Data provided:
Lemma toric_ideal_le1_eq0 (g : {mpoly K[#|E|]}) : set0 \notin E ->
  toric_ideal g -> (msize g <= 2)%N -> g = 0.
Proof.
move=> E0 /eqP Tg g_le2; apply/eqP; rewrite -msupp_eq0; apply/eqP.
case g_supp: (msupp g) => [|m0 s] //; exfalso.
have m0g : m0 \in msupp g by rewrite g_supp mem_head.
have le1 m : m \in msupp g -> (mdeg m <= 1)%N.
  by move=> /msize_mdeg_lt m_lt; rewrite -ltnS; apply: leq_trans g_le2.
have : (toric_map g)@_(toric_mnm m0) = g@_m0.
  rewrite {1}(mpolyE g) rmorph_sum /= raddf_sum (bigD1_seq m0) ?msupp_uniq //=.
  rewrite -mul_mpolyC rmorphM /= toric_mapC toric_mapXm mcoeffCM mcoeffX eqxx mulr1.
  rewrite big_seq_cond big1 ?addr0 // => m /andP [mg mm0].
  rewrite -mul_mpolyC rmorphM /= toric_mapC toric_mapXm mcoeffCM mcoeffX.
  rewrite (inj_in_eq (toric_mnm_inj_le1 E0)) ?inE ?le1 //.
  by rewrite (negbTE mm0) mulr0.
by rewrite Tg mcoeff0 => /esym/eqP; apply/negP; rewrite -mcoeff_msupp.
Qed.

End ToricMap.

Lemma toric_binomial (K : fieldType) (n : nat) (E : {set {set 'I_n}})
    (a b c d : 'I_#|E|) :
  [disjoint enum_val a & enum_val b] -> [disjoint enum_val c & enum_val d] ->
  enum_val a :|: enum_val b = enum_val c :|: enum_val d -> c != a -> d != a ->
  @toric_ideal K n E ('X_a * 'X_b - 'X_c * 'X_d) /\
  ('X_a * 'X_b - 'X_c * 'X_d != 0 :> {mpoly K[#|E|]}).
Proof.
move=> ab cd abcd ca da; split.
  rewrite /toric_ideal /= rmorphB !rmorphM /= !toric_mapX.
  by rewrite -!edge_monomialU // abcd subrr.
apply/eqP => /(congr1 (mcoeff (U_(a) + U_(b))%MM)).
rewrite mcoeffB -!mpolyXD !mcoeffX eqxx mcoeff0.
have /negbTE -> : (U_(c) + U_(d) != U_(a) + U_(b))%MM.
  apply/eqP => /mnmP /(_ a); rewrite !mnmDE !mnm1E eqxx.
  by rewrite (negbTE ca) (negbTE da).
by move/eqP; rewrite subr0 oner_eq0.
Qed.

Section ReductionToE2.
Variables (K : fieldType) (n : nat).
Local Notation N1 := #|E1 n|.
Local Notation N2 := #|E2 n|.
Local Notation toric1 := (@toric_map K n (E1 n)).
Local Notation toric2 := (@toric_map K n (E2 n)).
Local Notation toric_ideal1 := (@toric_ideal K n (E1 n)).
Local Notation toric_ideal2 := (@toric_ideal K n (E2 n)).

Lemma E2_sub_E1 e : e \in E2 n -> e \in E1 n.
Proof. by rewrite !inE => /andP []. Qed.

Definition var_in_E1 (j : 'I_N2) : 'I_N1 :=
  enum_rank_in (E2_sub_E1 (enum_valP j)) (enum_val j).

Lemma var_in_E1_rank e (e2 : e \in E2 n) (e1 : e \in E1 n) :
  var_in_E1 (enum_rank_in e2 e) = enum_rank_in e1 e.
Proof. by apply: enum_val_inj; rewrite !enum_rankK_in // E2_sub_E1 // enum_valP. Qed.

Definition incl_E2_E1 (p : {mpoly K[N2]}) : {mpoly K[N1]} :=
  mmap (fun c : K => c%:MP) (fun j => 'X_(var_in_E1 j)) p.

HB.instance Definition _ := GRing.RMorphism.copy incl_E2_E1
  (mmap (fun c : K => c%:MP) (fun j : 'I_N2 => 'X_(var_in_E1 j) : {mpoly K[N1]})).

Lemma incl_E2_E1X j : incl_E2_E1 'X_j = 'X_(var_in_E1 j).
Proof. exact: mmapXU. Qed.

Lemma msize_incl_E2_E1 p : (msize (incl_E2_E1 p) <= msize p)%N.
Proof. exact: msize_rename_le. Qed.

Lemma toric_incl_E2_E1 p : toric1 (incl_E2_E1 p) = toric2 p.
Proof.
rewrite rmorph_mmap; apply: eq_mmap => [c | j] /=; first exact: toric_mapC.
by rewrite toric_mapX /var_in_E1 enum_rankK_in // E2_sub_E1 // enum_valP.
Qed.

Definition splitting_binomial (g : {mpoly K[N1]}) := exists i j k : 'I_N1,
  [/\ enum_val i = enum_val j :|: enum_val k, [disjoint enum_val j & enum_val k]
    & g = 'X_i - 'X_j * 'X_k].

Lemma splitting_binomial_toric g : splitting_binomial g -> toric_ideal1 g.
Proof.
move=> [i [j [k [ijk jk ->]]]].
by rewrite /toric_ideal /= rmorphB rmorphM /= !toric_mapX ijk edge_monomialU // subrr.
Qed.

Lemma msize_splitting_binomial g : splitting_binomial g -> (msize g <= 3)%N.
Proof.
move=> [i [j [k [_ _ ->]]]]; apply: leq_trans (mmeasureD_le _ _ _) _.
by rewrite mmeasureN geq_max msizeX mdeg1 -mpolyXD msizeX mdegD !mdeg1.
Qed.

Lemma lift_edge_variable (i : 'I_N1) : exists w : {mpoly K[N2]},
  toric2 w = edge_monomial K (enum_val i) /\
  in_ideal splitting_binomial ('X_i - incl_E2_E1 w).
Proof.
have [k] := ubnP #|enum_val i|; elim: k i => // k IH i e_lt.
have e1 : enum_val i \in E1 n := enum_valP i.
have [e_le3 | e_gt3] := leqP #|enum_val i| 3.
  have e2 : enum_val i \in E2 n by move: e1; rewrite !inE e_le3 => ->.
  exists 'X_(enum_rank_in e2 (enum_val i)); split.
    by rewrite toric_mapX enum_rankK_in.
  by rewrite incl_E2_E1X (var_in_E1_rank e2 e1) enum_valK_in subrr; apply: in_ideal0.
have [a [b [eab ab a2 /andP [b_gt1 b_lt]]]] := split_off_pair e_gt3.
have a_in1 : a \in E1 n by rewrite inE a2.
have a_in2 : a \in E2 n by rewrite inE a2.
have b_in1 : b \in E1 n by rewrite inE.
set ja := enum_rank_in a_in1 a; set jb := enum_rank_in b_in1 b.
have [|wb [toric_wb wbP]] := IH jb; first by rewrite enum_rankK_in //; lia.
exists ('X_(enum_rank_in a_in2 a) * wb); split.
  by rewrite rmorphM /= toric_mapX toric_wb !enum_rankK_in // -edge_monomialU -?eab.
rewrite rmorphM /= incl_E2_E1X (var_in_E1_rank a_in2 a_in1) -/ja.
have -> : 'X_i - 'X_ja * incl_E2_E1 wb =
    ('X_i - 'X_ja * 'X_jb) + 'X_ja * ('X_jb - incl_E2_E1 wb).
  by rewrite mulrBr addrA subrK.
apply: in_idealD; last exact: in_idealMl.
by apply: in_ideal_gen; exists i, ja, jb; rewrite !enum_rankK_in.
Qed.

Exercise description: Working from the records above, write out verbatim only the lines from the line containing "have : (toric_map g)@_(toric_mnm m0) = g@_m0." through the line containing "Local Notation toric_ideal1".

Written solution:
have : (toric_map g)@_(toric_mnm m0) = g@_m0.
  rewrite {1}(mpolyE g) rmorph_sum /= raddf_sum (bigD1_seq m0) ?msupp_uniq //=.
  rewrite -mul_mpolyC rmorphM /= toric_mapC toric_mapXm mcoeffCM mcoeffX eqxx mulr1.
  rewrite big_seq_cond big1 ?addr0 // => m /andP [mg mm0].
  rewrite -mul_mpolyC rmorphM /= toric_mapC toric_mapXm mcoeffCM mcoeffX.
  rewrite (inj_in_eq (toric_mnm_inj_le1 E0)) ?inE ?le1 //.
  by rewrite (negbTE mm0) mulr0.
by rewrite Tg mcoeff0 => /esym/eqP; apply/negP; rewrite -mcoeff_msupp.
Qed.

End ToricMap.

Lemma toric_binomial (K : fieldType) (n : nat) (E : {set {set 'I_n}})
    (a b c d : 'I_#|E|) :
  [disjoint enum_val a & enum_val b] -> [disjoint enum_val c & enum_val d] ->
  enum_val a :|: enum_val b = enum_val c :|: enum_val d -> c != a -> d != a ->
  @toric_ideal K n E ('X_a * 'X_b - 'X_c * 'X_d) /\
  ('X_a * 'X_b - 'X_c * 'X_d != 0 :> {mpoly K[#|E|]}).
Proof.
move=> ab cd abcd ca da; split.
  rewrite /toric_ideal /= rmorphB !rmorphM /= !toric_mapX.
  by rewrite -!edge_monomialU // abcd subrr.
apply/eqP => /(congr1 (mcoeff (U_(a) + U_(b))%MM)).
rewrite mcoeffB -!mpolyXD !mcoeffX eqxx mcoeff0.
have /negbTE -> : (U_(c) + U_(d) != U_(a) + U_(b))%MM.
  apply/eqP => /mnmP /(_ a); rewrite !mnmDE !mnm1E eqxx.
  by rewrite (negbTE ca) (negbTE da).
by move/eqP; rewrite subr0 oner_eq0.
Qed.

Section ReductionToE2.
Variables (K : fieldType) (n : nat).
Local Notation N1 := #|E1 n|.
Local Notation N2 := #|E2 n|.
Local Notation toric1 := (@toric_map K n (E1 n)).
Local Notation toric2 := (@toric_map K n (E2 n)).
Local Notation toric_ideal1 := (@toric_ideal K n (E1 n)).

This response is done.